Lemma std_seq_isometry (b1 b2 : seq V) : std_seq b1 -> std_seq b2 ->
  free b1 -> free b2 -> size b1 = \dim (fullv : {vspace V}) ->
  size b2 = size b1 -> exists g : 'End(V),
    in_Sp s g /\ forall t, (g @: <<take t b1>>)%VS = <<take t b2>>%VS.
Proof.
move=> b1_std b2_std b1_free b2_free b1_size b2_size.
have [f fE] := linear_of_free b1 b2; pose g : 'End(V) := linfun f.
have gb : map g b1 = b2.
  by rewrite -(fE b1_free b2_size); apply: eq_map => x; rewrite lfunE.
have full (b : seq V) :
    free b -> size b = \dim (fullv : {vspace V}) -> <<b>>%VS = fullv.
  by move=> /eqP b_free b_size; apply/eqP; rewrite eqEdim subvf b_free b_size leqnn.
have b1_full := full b1 b1_free b1_size.
have coordE x : x = \sum_(i < size b1) coord (in_tuple b1) i x *: b1`_i.
  by apply: (coord_span (X := in_tuple b1)); rewrite /= b1_full memvf.
have g_coordE x : g x = \sum_(i < size b1) coord (in_tuple b1) i x *: b2`_i.
  rewrite {1}[x]coordE linear_sum; apply: eq_bigr => i _.
  by rewrite linearZ /= -gb (nth_map 0).
exists g; split => [|t]; last by rewrite limg_span map_take gb.
split=> [|u v]; first by rewrite -{1}b1_full limg_span gb full // b2_size.
rewrite !g_coordE [in RHS](coordE u) [in RHS](coordE v).
by rewrite !form_std_coord.
Qed.

Definition is_flag n (T : pred nat) (X : nat -> {vspace V}) :=
  [/\ forall t, T t -> in_I n t, forall t, T t -> is_object s t (X t) &
      forall t u, T t -> T u -> incident s (X t) (X u)].

Lemma incident_sym (X Y : {vspace V}) : incident s X Y -> incident s Y X.
Proof. by case=> [-> | [XY | YX]]; [left | right; right | right; left]. Qed.

Lemma incident_ltn (X Y : {vspace V}) : incident s X Y -> (\dim X < \dim Y)%N ->
  (X <= Y)%VS /\ (X :&: Defs.rad s Y = 0)%VS.
Proof.
case=> [-> | [// | [YX _]]]; first by rewrite ltnn.
by rewrite ltnNge dimvS.
Qed.

Lemma flag_std_basis (n : nat) T X :
  \dim (fullv : {vspace V}) = n -> maximal_rank s -> is_flag n T X ->
  exists b, [/\ std_seq b, free b, size b = n &
    forall t, T t -> <<take t b>>%VS = X t].
Proof.
move=> dimV rad1 [TI X_obj X_inc].
have Tn t : T t -> t != n.
  by move/TI; apply: contraTneq => ->; rewrite /in_I ltnn andbF.
pose X' (t : nat) := if t == n then fullv else X t.
have X'E t : T t -> X' t = X t by move/Tn/negPf; rewrite /X' => ->.
have X'n : X' n = fullv by rewrite /X' eqxx.
have [|||||b [b_std b_free b_size bE]] :=
  @std_chain_basis (predU (pred1 n) T) X' _ _ _ n _ _.
- move=> t /predU1P[-> | Tt]; first by rewrite X'n.
  by rewrite X'E //; case: (X_obj t Tt).
- move=> t /predU1P[-> | Tt]; first by rewrite X'n.
  by rewrite X'E //; case: (X_obj t Tt) => _ [].
- move=> t u /predU1P[-> | Tt] /predU1P[-> | Tu] tu.
  + by rewrite ltnn in tu.
  + by have /andP[_] := TI u Tu; rewrite ltnNge (ltnW tu).
  + by rewrite X'E // X'n subvf; case: (X_obj t Tt) => _ [].
  rewrite !X'E //; apply: incident_ltn; first exact: X_inc.
  by have [-> _] := X_obj t Tt; have [-> _] := X_obj u Tu.
- exact: predU1l.
- by move=> t /predU1P[-> // | /TI/andP[_ /ltnW]].
by exists b; split => // t Tt; rewrite -X'E // bE //; apply: predU1r.
Qed.

Lemma residue_flag_extend n C (J K : pred nat) Fl : chamber s n C ->
  (forall k, K k -> in_I n k) -> residue_flag s n C J K Fl ->
  is_flag n (fun t => (in_I n t && ~~ J t) || K t)
    (fun t => if K t then Fl t else C t).
Proof.
move=> [C_obj C_inc] KI [Fl_obj Fl_inc].
have TI t : (in_I n t && ~~ J t) || K t -> in_I n t by case/orP=> [/andP[] | /KI].
have TC t : (in_I n t && ~~ J t) || K t -> K t = false -> in_I n t && ~~ J t.
  by case/orP=> [// | ->].
split=> // [t Tt | t u Tt Tu].
  by case: ifP => Kt; [case: (Fl_obj t Kt) | apply/C_obj/TI].
case: ifP => Kt; case: ifP => Ku.
- exact: Fl_inc.
- have /andP[Iu Ju] := TC u Tu Ku.
  by have [_ [_ /(_ u Iu Ju) []]] := Fl_obj t Kt.
- have /andP[It Jt] := TC t Tt Kt.
  by apply: incident_sym; have [_ [_ /(_ t It Jt) []]] := Fl_obj u Ku.
exact: C_inc (TI t Tt) (TI u Tu).
Qed.

End AlternatingForm.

○ ○ ○ ○ ○ ○ ○

Problem to solve -
In the listing above, find the line with "by case/orP=> [// | ->]." and the line with "- have /andP[It Jt] := TC t Tt Kt.". Output those two lines and every line between them, exactly as written.

Problem solution -
  by case/orP=> [// | ->].
split=> // [t Tt | t u Tt Tu].
  by case: ifP => Kt; [case: (Fl_obj t Kt) | apply/C_obj/TI].
case: ifP => Kt; case: ifP => Ku.
- exact: Fl_inc.
- have /andP[Iu Ju] := TC u Tu Ku.
  by have [_ [_ /(_ u Iu Ju) []]] := Fl_obj t Kt.
- have /andP[It Jt] := TC t Tt Kt.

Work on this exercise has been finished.